Отец ответил, что так дешевле.
Военный рассказ
Прошлой осенью, в одну из самых дождливых октябрьских ночей, в Мелихове никто не спал; согнутые тёмные фигуры людей бродили по селу, чавкая промокшей обувью, и кричали одно и то же, одно и то же: «Ва-си-лёк! Ва-си-лёк!», кричали протяжно, а порой резко и звонко, от живота. Мужчины кричали басом, сорванным альтом кричали женщины, собаки хотели, видимо, и не могли забить своим лаем эти уставшие крики: «Ва-си-лёк!», иногда истеричные, а иногда отчаянные. Чёрная ночь блестела от дождя, и мокрые голоса хрипли, коченели и становились протяжнее, слаще, будто остывали под горячей луной. «Ва-си-лёк!» — кричали люди тише, понимая, что ничего не изменить и всё бесполезно, Василька нет, вовсе нет. Он где-то там, куда не дотягиваются эти голоса, а раз так, то к чему всё это? Однако нельзя ведь бросать? Не по-людски это совершенно. Ведь худенький мальчик Василёк с капустной головой на тонкой шее не слышит зов, но ощущает заботу односельчан, таких лишних в его жизни прежде и таких участливых теперь, будто встряхнутых за плечи чужим горем. Что обезумевший вой его матери Любы? Ничто в сравнении с этим всеобщим, неподъёмным «Ва-си-лёк! Ва-си-лёк!»! Лишь тень материнского горя. Где ты, Василёк? Кто высушит махровым полотенцем пёрышки твоих непослушных волос? На кого ты нас оставил, мальчик? А?
— Сколько было ему, не знаешь? — спросил Сергей у Михаила, соседа по огороду.
— Двенадцать вроде… он как мой.
Они обошли уже всё и теперь брели вдоль коричневой стены бывшего сахарного завода, рассматривая ржавую водонапорную башню на холме будто в первый раз. Василька не было в дырявых заводских складах, он не спал в мокрой траве вдоль железной дороги, ведущей в тупик, и в старом, ещё не разобранном ДК его тоже, видимо, не было.

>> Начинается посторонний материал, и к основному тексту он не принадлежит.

(* Let $(X,\sigma,T)$ be as in the context, $x\in eX$, $\xi\in X_{eq}$ and $f_1,f_2\in L$. (1) If $\xi$ is regular, then $(f_1,f_2)\in R^{\xi-\pi_{eq}(x)}_{\mathrm{ev}_x}$ if and only if $(ef_1)^{-1}f_2\in\mathrm{stab}_{\mathcal G}(x)$ and $\tilde\pi_{eq}(f_1)=\tilde\pi_{eq}(f_2)=\xi-\pi_{eq}(x)$. (2) If every point of $\pi_{eq}^{-1}(\xi)$ separates the idempotents of $L$, then $(f_1,f_2)\in R^{\xi-\pi_{eq}(x)}_{\mathrm{ev}_x}$ if and only if $(ef_1)^{-1}f_2\in\mathrm{stab}_{\mathcal G}(x)$, $f_1^0=f_2^0$ and $\tilde\pi_{eq}(f_1)=\tilde\pi_{eq}(f_2)=\xi-\pi_{eq}(x)$.
   Context: $T$ abelian group acting continuously, minimally and non-distally by $\sigma$ on a compact Hausdorff space $X$. $E(X)$: Ellis semigroup (closure of $\{\sigma^t\}$ in $X^X$). $\pi_{eq}:X\to X_{eq}$: maximal equicontinuous factor ($X_{eq}$ a compact abelian group). Points $x,y$ are proximal if $f(x)=f(y)$ for some $f\in E(X)$; $\xi\in X_{eq}$ is singular if $\pi_{eq}^{-1}(\xi)$ contains two distinct proximal points, regular otherwise. Fix a minimal idempotent $e$, $L=E(X)e$, $\mathcal G=eL$ (a group with identity $e$; $g^{-1}$ denotes the group inverse), $\mathrm{stab}_{\mathcal G}(x)=\{g\in\mathcal G: g(x)=x\}$. For $f\in L$, $f^{-1}$ is its unique normal inverse in the completely simple semigroup $L$ and $f^0=f^{-1}f$. A point separates the idempotents of $L$ if evaluation at it is injective on the set of idempotents of $L$. $\tilde\pi_{eq}(f)=\pi_{eq}(f(y))-\pi_{eq}(y)$ (independent of $y$). $R^\zeta_{\mathrm{ev}_x}=\{(f_1,f_2)\in L\times L: f_1(x)=f_2(x),\ \tilde\pi_{eq}(f_i)=\zeta,\ i=1,2\}$. *)

From HB Require Import structures.
From mathcomp Require Import all_boot all_order all_algebra.
From mathcomp Require Import all_classical all_reals all_analysis.
From Stdlib Require Import ClassicalEpsilon.
Import Order.TTheory GRing.Theory Num.Theory.

Set Implicit Arguments.
Unset Strict Implicit.
Unset Printing Implicit Defensive.

Local Open Scope classical_set_scope.
Local Open Scope ring_scope.

Definition is_action (T : zmodType) (X : Type) (s : T -> X -> X) : Prop :=
  (forall x, s 0 x = x) /\ (forall t u x, s (t + u) x = s t (s u x)).

Definition continuous_action (T : zmodType) (X : topologicalType)
    (s : T -> X -> X) : Prop :=
  is_action s /\ (forall t, continuous (s t)).

Definition minimal_action (T : zmodType) (X : topologicalType)
    (s : T -> X -> X) : Prop :=
  forall x : X, closure (range (fun t => s t x)) = [set: X].

Definition ellis (T : zmodType) (X : topologicalType) (s : T -> X -> X)
    : set (X -> X) :=
  @closure {ptws X -> X} (range s).

Definition proximal (T : zmodType) (X : topologicalType) (s : T -> X -> X)
    (x y : X) : Prop :=
  exists f, ellis s f /\ f x = f y.

Definition non_distal (T : zmodType) (X : topologicalType) (s : T -> X -> X)
    : Prop :=
  exists x y : X, x <> y /\ proximal s x y.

Наконец Сергей, убрав капли дождя со лба, обратился к Михаилу голосом обречённого на непонимание человека:
— Не найдём. Пошли к дому, на работу скоро.
Михаил подумал сперва, что следует возразить — не ради приличия, конечно, но чтобы попробовать самого себя убедить в необходимости поисков, ведь они, Михаил и Сергей, самые ближайшие соседи Романа и Любы (родителей Василька), и дети их часто играли вместе, ходили в гости к друг другу и вообще… Однако, подумав так, Михаил вдруг вспомнил — не почувствовал, а именно вспомнил, — что хочет в туалет, до ветру, значит. Он хотел ещё тогда, в двенадцать ночи, когда будила на поиски супруга, хотел, а не сходил, откладывал дальше и дальше и наконец вовсе забыл о своей нужде — из-за нервов, видимо.

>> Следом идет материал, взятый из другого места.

(* Let $0\le k<n$ be integers and let $\nu$ be a partition which is balanced as a straight shape with height and width both equal to $k$. (1) Let $\lambda:=\delta_n+\nu$. Then $[\varnothing,\lambda]_{\mathrm{shift}}$ is tCDE with $\mathbb{E}(\mathrm{uni}_{[\varnothing,\lambda]_{\mathrm{shift}}};\mathrm{ddeg})=\frac{n+1+k}{4}$. (2) Let $\lambda:=\delta_n+\nu+(n-1-k)^n$. Then $[\varnothing,\lambda]_{\mathrm{shift}}$ is tCDE with $\mathbb{E}(\mathrm{uni}_{[\varnothing,\lambda]_{\mathrm{shift}}};\mathrm{ddeg})=\frac{n}{2}$.
   Context: Partitions are weakly decreasing, eventually zero sequences of nonnegative integers; sums are componentwise: $(\mu+\nu)_i=\mu_i+\nu_i$. $\delta_n=(n,n-1,\ldots,1)$ and $b^a=(b,\ldots,b)$ ($a$ parts). A partition $\nu$ is balanced as a straight shape with height and width $k$ if $\ell(\nu)=\nu_1=k$ (or $\nu=\varnothing$ when $k=0$) and for every $1\le i\le k-1$ with $\nu_i>\nu_{i+1}$ one has $i+\nu_{i+1}=k$ (i.e., every outward corner of its Young diagram lies on the anti-diagonal of the $k\times k$ square). A strict partition has $\lambda_i>\lambda_{i+1}$ whenever $\lambda_i\neq 0$. The shifted Young's lattice is the set of strict partitions ordered by $\mu\subseteq\lambda$ iff $\mu_i\le\lambda_i$ for all $i$; $[\varnothing,\lambda]_{\mathrm{shift}}$ is its interval. It is a distributive lattice: $[\varnothing,\lambda]_{\mathrm{shift}}\cong J(P^{\mathrm{shift}}_\lambda)$, where $P^{\mathrm{shift}}_\lambda$ is the set of boxes $[i,j]$ with $1\le i\le\ell(\lambda)$, $i\le j\le i+\lambda_i-1$, ordered by $[i,j]\le[i',j']$ iff $i\le i'$ and $j\le j'$, and $J(\cdot)$ denotes the lattice of order ideals. $\mathrm{ddeg}$ is the number of covered elements; $\mathrm{uni}$ is uniform. For $p\in P$ and order ideal $I$: $\mathcal{T}^+_p(I)=1$ iff $p\notin I$ and $p$ is minimal in $P\setminus I$; $\mathcal{T}^-_p(I)=1$ iff $p\in I$ and $p$ is maximal in $I$. A distribution $\mu$ on $J(P)$ is toggle-symmetric if $\mathbb{E}(\mu;\mathcal{T}^+_p)=\mathbb{E}(\mu;\mathcal{T}^-_p)$ for all $p$; $J(P)$ is tCDE if $\mathbb{E}(\mu;\mathrm{ddeg})=\mathbb{E}(\mathrm{uni}_{J(P)};\mathrm{ddeg})$ for every toggle-symmetric $\mu$. *)

From HB Require Import structures.
From mathcomp Require Import all_boot all_order all_algebra.
Set Implicit Arguments. Unset Strict Implicit. Unset Printing Implicit Defensive.
Import Order.TTheory GRing.Theory Num.Theory.

(* ---------- Partitions, represented as finite sequences of nats.
   Part lambda_i (1-based) is  nth 0 lambda (i-1); trailing zeros allowed. *)

Definition part (s : seq nat) (i : nat) : nat := nth 0 s i.-1.

Definition is_partition (s : seq nat) : bool := sorted geq s.

Definition padd (s t : seq nat) : seq nat :=
  mkseq (fun i => nth 0 s i + nth 0 t i) (maxn (size s) (size t)).

Definition delta (n : nat) : seq nat := mkseq (fun i => n - i) n.

(* b^a = (b, ..., b) with a parts *)
Definition rect (b a : nat) : seq nat := nseq a b.

Definition plength (s : seq nat) : nat := count (fun x => 0 < x) s.

Definition balanced (nu : seq nat) (k : nat) : bool :=
  [&& is_partition nu, plength nu == k, part nu 1 == k &
      all (fun i => (part nu i > part nu i.+1) ==> (i + part nu i.+1 == k))
          (iota 1 k.-1)].

Definition shifted_boxes (lam : seq nat) : seq (nat * nat) :=
  [seq (i, j) | i <- iota 1 (size lam), j <- iota i (part lam i)].

Definition shiftP (lam : seq nat) : finType := seq_sub (shifted_boxes lam).

Definition shift_le (lam : seq nat) : rel (shiftP lam) :=
  fun x y => ((ssval x).1 <= (ssval y).1) && ((ssval x).2 <= (ssval y).2).

Section Poset.
Variables (T : finType) (le : rel T).

Definition is_ideal (I : {set T}) : bool :=
  [forall x, forall y, ((y \in I) && le x y) ==> (x \in I)].

Definition ideals : {set {set T}} := [set I | is_ideal I].

Definition togp (p : T) (I : {set T}) : bool :=
  (p \notin I) && [forall q, ((q \notin I) && le q p) ==> (q == p)].

Definition togm (p : T) (I : {set T}) : bool :=
  (p \in I) && [forall q, ((q \in I) && le p q) ==> (q == p)].

Definition covers_in_J (J I : {set T}) : bool :=
  [&& J \in ideals, I \in ideals, J \proper I &
      [forall K in ideals, ~~ ((J \proper K) && (K \proper I))]].

Definition ddeg (I : {set T}) : nat := #|[set J | covers_in_J J I]|.

Variable R : realFieldType.
Local Open Scope ring_scope.

Definition is_distribution (mu : {set T} -> R) : Prop :=
  (forall I, I \in ideals -> 0 <= mu I) /\ \sum_(I in ideals) mu I = 1.

Definition expect (mu : {set T} -> R) (f : {set T} -> R) : R :=
  \sum_(I in ideals) mu I * f I.

Definition uni : {set T} -> R := fun _ => (#|ideals|%:R)^-1.

Definition toggle_symmetric (mu : {set T} -> R) : Prop :=
  forall p : T, expect mu (fun I => (togp p I)%:R) = expect mu (fun I => (togm p I)%:R).

Definition tCDE : Prop :=
  forall mu, is_distribution mu -> toggle_symmetric mu ->
    expect mu (fun I => (ddeg I)%:R) = expect uni (fun I => (ddeg I)%:R).

End Poset.

From HB Require Import structures.
From mathcomp Require Import all_boot all_order all_algebra.
From mathcomp Require Import zify ring lra.
Import Order.TTheory GRing.Theory Num.Theory.

Set Implicit Arguments.
Unset Strict Implicit.
Unset Printing Implicit Defensive.

(* A toggle-symmetric distribution gives [E(T^+_p - T^-_p) = 0] for every [p],
   so tCDE with mean [c] follows from an identity
   [ddeg I = c + sum_p w_p (T^+_p I - T^-_p I)] valid for every order ideal [I].
   The down-degree of [I] counts the maximal elements of [I].  In a strict
   shifted shape an order ideal is determined by its row lengths [m_i], and each
   row has at most one removable and one addable box.  Take
   [w_(i,j) = (i + j - lambda_1 - 2) / 2] for [i < j] and
   [w_(i,i) = (2 i - lambda_1 - 3) / 4].  Then the contributions of consecutive
   rows to [4 (ddeg I - sum_p w_p (T^+_p I - T^-_p I))] telescope against the
   potential [2 (i + m_i)] (or [lambda_1 + 1] for an empty row), leaving
   [c = (lambda_1 + 1) / 4]; the antidiagonal conditions on [lambda] are exactly
   what makes every step telescope.  Both shapes of the theorem satisfy them,
   with [lambda_1 = n + k] and [lambda_1 = 2 n - 1]. *)

Lemma sumr_indicator (R : nzSemiRingType) (T : finType) (A : {pred T}) (b : pred T) :
  (\sum_(x in A) (b x)%:R = #|[set x in A | b x]|%:R :> R)%R.
Proof.
rewrite -sum1_card natr_sum big_mkcond [RHS]big_mkcond /=.
by apply: eq_bigr => x _; rewrite inE; case: (x \in A); case: (b x).
Qed.

Section OrderIdeals.
Variables (T : finType) (le : rel T).

Lemma idealP (I : {set T}) :
  reflect (forall x y, y \in I -> le x y -> x \in I) (is_ideal le I).
Proof.
apply: (iffP forallP) => [H x y yI lxy | H x].
  by move: (H x) => /forallP /(_ y) /implyP; apply; rewrite yI.
by apply/forallP => y; apply/implyP => /andP [yI lxy]; exact: H yI lxy.
Qed.

Lemma togmP p (I : {set T}) :
  reflect (p \in I /\ forall q, q \in I -> le p q -> q = p) (togm le p I).
Proof.
apply: (iffP andP) => [[pI /forallP H] | [pI H]]; split => //.
  by move=> q qI lpq; move: (H q); rewrite qI lpq => /eqP.
by apply/forallP => q; apply/implyP => /andP [qI lpq]; rewrite (H q qI lpq).
Qed.

Lemma togpP p (I : {set T}) :
  reflect (p \notin I /\ forall q, q \notin I -> le q p -> q = p) (togp le p I).
Proof.
apply: (iffP andP) => [[pI /forallP H] | [pI H]]; split => //.
  by move=> q qI lqp; move: (H q); rewrite qI lqp => /eqP.
by apply/forallP => q; apply/implyP => /andP [qI lqp]; rewrite (H q qI lqp).
Qed.

Lemma set0_in_ideals : set0 \in ideals le.
Proof. by rewrite inE; apply/idealP => x y; rewrite inE. Qed.

Lemma ideal_setD1 I p : is_ideal le I -> togm le p I -> is_ideal le (I :\ p).
Proof.
move=> /idealP iI /togmP [pI mp]; apply/idealP => x y.
rewrite !in_setD1 => /andP [yp yI] lxy; rewrite (iI x y yI lxy) andbT.
by apply/eqP => exp; move: yp; rewrite (mp y yI) ?eqxx // -exp.
Qed.

Lemma ideal_setU1 I p : is_ideal le I -> togp le p I -> is_ideal le (p |: I).
Proof.
move=> /idealP iI /togpP [pI mp]; apply/idealP => x y.
rewrite !in_setU1 => /orP [/eqP -> lxp | yI lxy]; last by rewrite (iI x y yI lxy) orbT.
by case xI: (x \in I); rewrite ?orbT // (mp x) ?xI ?eqxx.
Qed.

Lemma togm_setU1 I p : is_ideal le I -> togp le p I -> togm le p (p |: I).
Proof.
move=> /idealP iI /togpP [pI _]; apply/togmP; split; first by rewrite setU11.
move=> q; rewrite in_setU1 => /orP [/eqP -> // | qI lpq].
by move: pI; rewrite (iI p q qI lpq).
Qed.

Lemma togp_setD1 I p : is_ideal le I -> togm le p I -> togp le p (I :\ p).
Proof.
move=> /idealP iI /togmP [pI _]; apply/togpP; split; first by rewrite setD11.
move=> q; rewrite in_setD1 negb_and negbK => /orP [/eqP -> // | qI lqp].
by move: qI; rewrite (iI q p pI lqp).
Qed.

(* Adding and removing [p] are inverse bijections between the two sets. *)
Lemma card_togp_togm p :
  #|[set I in ideals le | togp le p I]| = #|[set I in ideals le | togm le p I]|.
Proof.
apply/eqP; rewrite eqn_leq; apply/andP; split.
- rewrite -(@card_in_imset _ _ (fun I => p |: I)).
    apply: subset_leq_card; apply/subsetP => J /imsetP [I].
    by rewrite !inE => /andP [iI tI] ->; rewrite ideal_setU1 ?togm_setU1.
  move=> I J; rewrite !inE => /andP [_ /togpP [pI _]] /andP [_ /togpP [pJ _]] E.
  by rewrite -(setU1K pI) E setU1K.
- rewrite -(@card_in_imset _ _ (fun I => I :\ p)).
    apply: subset_leq_card; apply/subsetP => J /imsetP [I].
    by rewrite !inE => /andP [iI tI] ->; rewrite ideal_setD1 ?togp_setD1.
  move=> I J; rewrite !inE => /andP [_ /togmP [pI _]] /andP [_ /togmP [pJ _]] E.
  by rewrite -(setD1K pI) E setD1K.
Qed.

Section Ranked.
Variable rank : T -> nat.
Hypothesis rank_lt : forall x y, le x y -> x != y -> rank x < rank y.

Lemma covers_in_J_togm J I : I \in ideals le ->
  covers_in_J le J I -> exists2 p, togm le p I & J = I :\ p.
Proof.
move=> Iid /and4P [Jid _ JI /forallP noK].
move: Iid Jid; rewrite !inE => /idealP iI /idealP iJ.
have [p0 p0IJ] : exists p0, p0 \in I :\: J.
  by move/properP: JI => [_ [x xI xJ]]; exists x; rewrite inE xI xJ.
have [p pIJ p_min] := arg_minnP rank p0IJ.
have /setDP [pI pJ] := pIJ.
(* a rank-minimal element of [I :\: J] can be added to [J] *)
have pJ_ideal : is_ideal le (p |: J).
  apply/idealP => x y; rewrite in_setU1 => /orP [/eqP -> lxp | yJ lxy].
    rewrite in_setU1; case xJ: (x \in J); first by rewrite orbT.
    have [// | xp] := eqVneq x p.
    have : x \in I :\: J by rewrite inE xJ (iI x p pI lxp).
    by move/p_min; rewrite leqNgt (rank_lt lxp xp).
  by apply/setU1P; right; exact: iJ yJ lxy.
have pJ_eq : p |: J = I.
  have JpJ : J \proper p |: J.
    by apply/properP; split; [exact: subsetUr | exists p; rewrite ?setU11].
  have pJI : p |: J \subset I.
    by apply/subsetP => x; rewrite in_setU1 => /orP [/eqP -> // | /(subsetP (proper_sub JI))].
  apply/eqP; rewrite eqEproper pJI /=.
  by move: (noK (p |: J)); rewrite inE pJ_ideal JpJ.
exists p; last by rewrite -pJ_eq setU1K.
apply/togmP; split => // q qI lpq; apply/eqP; apply: contraT => qp.
by move: qI pJ; rewrite -pJ_eq in_setU1 (negbTE qp) => /(iJ p q) ->.
Qed.

Lemma togm_covers_in_J I p : I \in ideals le -> togm le p I -> covers_in_J le (I :\ p) I.
Proof.
move=> Iid tp; have /togmP [pI _] := tp.
apply/and4P; split => //.
- by rewrite inE ideal_setD1 //; move: Iid; rewrite inE.
- exact: properD1.
- apply/forallP => K; apply/implyP => _; apply/negP => /andP [/proper_card c1 /proper_card c2].
  by move: (cardsD1 p I) c1 c2; rewrite pI add1n => -> /leq_ltn_trans /[apply]; rewrite ltnn.
Qed.

Lemma ddeg_card_togm I : I \in ideals le -> ddeg le I = #|[set p | togm le p I]|.
Proof.
move=> Iid; rewrite /ddeg.
have -> : [set J | covers_in_J le J I] = (fun p => I :\ p) @: [set p | togm le p I].
  apply/setP => J; rewrite inE; apply/idP/imsetP.
    by move/(covers_in_J_togm Iid) => [p tp ->]; exists p; rewrite ?inE.
  by move=> [p]; rewrite inE => tp ->; exact: togm_covers_in_J.
rewrite card_in_imset // => p q; rewrite !inE => /togmP [pI _] /togmP [qI _] E.
apply/eqP; apply: contraT => pq.
by move: (setD11 q I); rewrite -E in_setD1 eq_sym pq qI.
Qed.

End Ranked.

Variable R : realFieldType.
Local Open Scope ring_scope.

Lemma uni_distribution : is_distribution le (uni le R).
Proof.
have ideals_gt0 : (0 < #|ideals le|)%N by apply/card_gt0P; exists set0; exact: set0_in_ideals.
split; first by move=> I _; rewrite /uni invr_ge0 ler0n.
rewrite /uni sumr_const; set N := (#|ideals le|%:R : R).
by rewrite -mulr_natr mulVf // /N pnatr_eq0 -lt0n.
Qed.

Lemma uni_toggle_symmetric : toggle_symmetric le (uni le R).
Proof. by move=> p; rewrite /expect -!mulr_sumr !sumr_indicator card_togp_togm. Qed.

— Сейчас я… к железке отойду, и пойдём, — сказал Михаил с такой интонацией, которая обозначала: «Ты прав, а всё ж спешить не будем».

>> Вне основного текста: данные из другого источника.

(* Let $K$ be a triangle and $\mathcal B(K)=\{\mathbf v\in[P^4(K)]^2:\mathbf v=\mathbf 0\text{ on }\partial K\}$. If $\mathbf v\in\mathcal B(K)$ and $\operatorname{div}\mathbf v=0$, then $\mathbf v=\mathbf 0$.
   Context: For a triangle $K\subset\mathbb R^2$ and $k\ge0$, $P^k(K)$ denotes the set of functions which coincide with a polynomial of degree at most $k$ on $K$ and vanish outside $K$. *)

From HB Require Import structures.
From mathcomp Require Import all_boot all_order all_algebra.
From mathcomp Require Import mpoly.
Set Implicit Arguments. Unset Strict Implicit. Unset Printing Implicit Defensive.
Import Order.TTheory GRing.Theory Num.Theory.
Local Open Scope ring_scope.

Section Defs.
Variable R : realFieldType.

Definition pt (x : R * R) : 'I_2 -> R :=
  fun i => if val i == 0%N then x.1 else x.2.

Definition comb3 (l1 l2 l3 : R) (a b c : R * R) : R * R :=
  (l1 * a.1 + l2 * b.1 + l3 * c.1, l1 * a.2 + l2 * b.2 + l3 * c.2).

Definition nondeg_triangle (a b c : R * R) : Prop :=
  (b.1 - a.1) * (c.2 - a.2) - (b.2 - a.2) * (c.1 - a.1) != 0.

Definition in_triangle (a b c x : R * R) : Prop :=
  exists l1 l2 l3 : R, [/\ 0 <= l1, 0 <= l2, 0 <= l3, l1 + l2 + l3 = 1
                          & x = comb3 l1 l2 l3 a b c].

Definition in_segment (p q x : R * R) : Prop :=
  exists t : R, [/\ 0 <= t, t <= 1 & x = comb3 (1 - t) t 0 p q q].

Definition on_boundary (a b c x : R * R) : Prop :=
  in_segment a b x \/ in_segment b c x \/ in_segment c a x.

Definition deg_le (k : nat) (p : {mpoly R[2]}) : bool := (msize p <= k.+1)%N.

Definition div2 (p1 p2 : {mpoly R[2]}) : {mpoly R[2]} :=
  mderiv ord0 p1 + mderiv (@Ordinal 2 1 isT) p2.

End Defs.

From HB Require Import structures.
From mathcomp Require Import all_boot all_order all_algebra.
From mathcomp Require Import mpoly.
From mathcomp Require Import ring lra zify.
Import Order.TTheory GRing.Theory Num.Theory.
Local Open Scope ring_scope.
Set Implicit Arguments. Unset Strict Implicit. Unset Printing Implicit Defensive.

(* The affine map F(s, t) = a + s (b - a) + t (c - a) sends the reference
   triangle (0,0), (1,0), (0,1) onto K, and the Piola transform
   u = adj(DF) (v o F) of v is again a quartic field, vanishes on the boundary
   of the reference triangle and satisfies div u = det(DF) (div v) o F; since
   det(DF) != 0, v = 0 as soon as u = 0.  On the reference triangle the
   coefficients of u are read off edge by edge: vanishing on the legs gives
   u1 = x y r1 and u2 = x y r2; div u restricted to the legs is y r1(0, y) and
   x r2(x, 0); vanishing on the hypotenuse then leaves
   u1 = A x^2 y (1 - x - y) and u2 = B x y^2 (1 - x - y); and on the
   hypotenuse div u = - x y (A x + B y), so A = B = 0. *)

Local Notation ordy := (@Ordinal 2 1 isT).

Section MPolySize.
Variables (R : idomainType) (n k : nat).
Implicit Types (p q : {mpoly R[n]}).

Lemma msizeM_le_pred p q : (msize (p * q) <= (msize p + msize q).-1)%N.
Proof.
have [->|nz_p] := eqVneq p 0; first by rewrite mul0r msize0.
have [->|nz_q] := eqVneq q 0; first by rewrite mulr0 msize0.
by rewrite msizeM.
Qed.

Lemma msize_exp_affine q e : (msize q <= 2)%N -> (msize (q ^+ e) <= e.+1)%N.
Proof.
move=> hq; elim: e => [|e ih]; first by rewrite expr0 msize1.
by rewrite exprS (leq_trans (msizeM_le_pred _ _)) //; lia.
Qed.

Lemma msize_comp_affine (p : {mpoly R[k]}) (lq : k.-tuple {mpoly R[n]}) :
  (forall i, msize (tnth lq i) <= 2)%N -> (msize (p \mPo lq) <= msize p)%N.
Proof.
move=> hlq; rewrite comp_mpolyE (leq_trans (mmeasure_sum _ _ _ _)) //.
apply/bigmax_leqP_seq => m /msize_mdeg_lt hm _.
rewrite (leq_trans (msizeZ_le _ _)) // (leq_trans _ hm) // mdegE.
elim/big_rec2: _ => [|i e r _ ih]; first by rewrite msize1.
rewrite (leq_trans (msizeM_le_pred _ _)) //.
have := msize_exp_affine (m i) (hlq i); lia.
Qed.
End MPolySize.

Section MPolyDeriv.
Variables (R : comNzRingType) (n : nat).

Lemma msize_mderiv (p : {mpoly R[n]}) i : (msize p^`M(i) <= (msize p).-1)%N.
Proof.
rewrite msizeE; apply/bigmax_leqP_seq => m; rewrite mcoeff_msupp mcoeff_mderiv => nz _.
have /msize_mdeg_lt : (m + U_(i))%MM \in msupp p.
  by rewrite mcoeff_msupp; apply: contraNneq nz => ->; rewrite mul0rn.
by rewrite mdegD mdeg1 addn1 -ltn_predRL.
Qed.

Lemma mderivXU (i j : 'I_n) : ('X_j : {mpoly R[n]})^`M(i) = ((j == i)%:R)%:MP.
Proof.
rewrite mderivX mnm1E; case: eqP => [->|_]; last by rewrite scale0r mpolyC0.
by rewrite -[X in (X - _)%MM]add0m addmK mpolyX0 scale1r.
Qed.
End MPolyDeriv.

Section MPolyComp.
Variables (R : comNzRingType) (n k l : nat) (lq : k.-tuple {mpoly R[n]}).

Lemma comp_mpolyA (p : {mpoly R[k]}) (lr : n.-tuple {mpoly R[l]}) :
  (p \mPo lq) \mPo lr = p \mPo [tuple tnth lq i \mPo lr | i < k].
Proof.
rewrite [p]mpolyE; elim: (msupp p) => [|m s ih]; first by rewrite !big_nil !comp_mpoly0.
rewrite !big_cons !comp_mpolyD ih !comp_mpolyZ !comp_mpolyX rmorph_prod; congr (_ *: _ + _).
by apply: eq_bigr => i _; rewrite rmorphXn tnth_mktuple.
Qed.

Let chain_rule_at (p : {mpoly R[k]}) := forall i,
  (p \mPo lq)^`M(i) = \sum_(j < k) (p^`M(j) \mPo lq) * (tnth lq j)^`M(i).

Let chain_ruleD p q : chain_rule_at p -> chain_rule_at q -> chain_rule_at (p + q).
Proof.
move=> hp hq i; rewrite comp_mpolyD mderivD hp hq -big_split /=.
by apply: eq_bigr => j _; rewrite mderivD comp_mpolyD mulrDl.
Qed.

Let chain_ruleZ c p : chain_rule_at p -> chain_rule_at (c *: p).
Proof.
move=> hp i; rewrite comp_mpolyZ mderivZ hp scaler_sumr /=.
by apply: eq_bigr => j _; rewrite mderivZ comp_mpolyZ scalerAl.
Qed.

Let chain_ruleM p q : chain_rule_at p -> chain_rule_at q -> chain_rule_at (p * q).
Proof.
move=> hp hq i; rewrite rmorphM /= mderivM hp hq mulr_suml mulr_sumr -big_split /=.
by apply: eq_bigr => j _; rewrite mderivM comp_mpolyD !rmorphM /=; ring.
Qed.

Let chain_rule0 : chain_rule_at 0.
Proof.
by move=> i; rewrite comp_mpoly0 mderiv0 big1 // => j _; rewrite mderiv0 comp_mpoly0 mul0r.
Qed.

Let chain_rule1 : chain_rule_at 1.
Proof.
move=> i; rewrite comp_mpoly1 -mpolyC1 mderivC big1 // => j _.
by rewrite mderivC comp_mpolyC mul0r.
Qed.

Let chain_ruleX j : chain_rule_at 'X_j.
Proof.
move=> i; rewrite comp_mpolyXU (bigD1 j) //= big1 ?addr0 => [|j' nj'j].
  by rewrite mderivXU eqxx comp_mpolyC mpolyC1 mul1r -tnth_nth.
by rewrite mderivXU eq_sym (negbTE nj'j) comp_mpolyC mpolyC0 mul0r.
Qed.

Lemma mderiv_comp (p : {mpoly R[k]}) i :
  (p \mPo lq)^`M(i) = \sum_(j < k) (p^`M(j) \mPo lq) * (tnth lq j)^`M(i).
Proof.
suff /(_ i) : chain_rule_at p by [].
rewrite [p]mpolyE; apply: (big_ind chain_rule_at chain_rule0 chain_ruleD) => m _.
rewrite mpolyXE_id; apply/chain_ruleZ/(big_ind chain_rule_at chain_rule1 chain_ruleM) => j _.
elim: (m j) => [|e ih]; first by rewrite expr0.
by rewrite exprS; exact: chain_ruleM (chain_ruleX j) ih.
Qed.
End MPolyComp.

Section Plane.
Variable R : realFieldType.

Lemma sum_ord2 (V : nmodType) (F : 'I_2 -> V) : \sum_(i < 2) F i = F ord0 + F ordy.
Proof. by rewrite big_ord_recl big_ord1; congr (_ + F _); apply: val_inj. Qed.

Definition mnm2 (i j : nat) : 'X_{1..2} :=
  [multinom (if val k == 0%N then i else j) | k < 2].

Сергей кивнул и полез двумя пальцами в нагрудный карман джинсовой куртки за сигаретами, которые, конечно, промокли, но ведь не все же, наверняка осталась хоть одна сухая сигаретка, наверняка. Нашлась такая. Сергей закурил, выдохнул первую порцию дыма и вспомнил рассказ Любы в самом начале поисков, истеричный рассказ. Вначале она не могла ещё говорить и только шептала невнятное, быстро-быстро, резко, будто тёрла морковь на тёрке, но потом, когда пошёл дождь, она успокоилась и рассказывала про Василька любовно и отрешённо как-то. Никто не слушал всю её историю разом, а только частями: постоит, послушает минутку, кивнёт и отходит, а на смену является кто-то другой, с опущенной головой, как к попу на исповеди. Николай слышал свою дозу рассказа и запомнил только то, что Василёк (да все это прекрасно знали) был послушным и душевным мальчиком. Любил мамины ласки, а с отцом, с Ромкой, всё больше говорил одними глазами: переглянутся, и всё сокровенное понятно без слов. Хороший пацан Василёк и ладный такой, высокий, худощавый, красивый почти. Так почему он пропал? Сел на велосипед и покатил куда-то. Все в селе видели, что уезжает мальчик, а куда — разобрать было нельзя. Люба говорила, что в последнее время Василёк стал нелюдим. Молчал много и носил нелюбимый синий свитер с гусём. Грустный, будто обречённый, он жил как механический и страшно молчал, погружённый в какие-то неприятные мысли.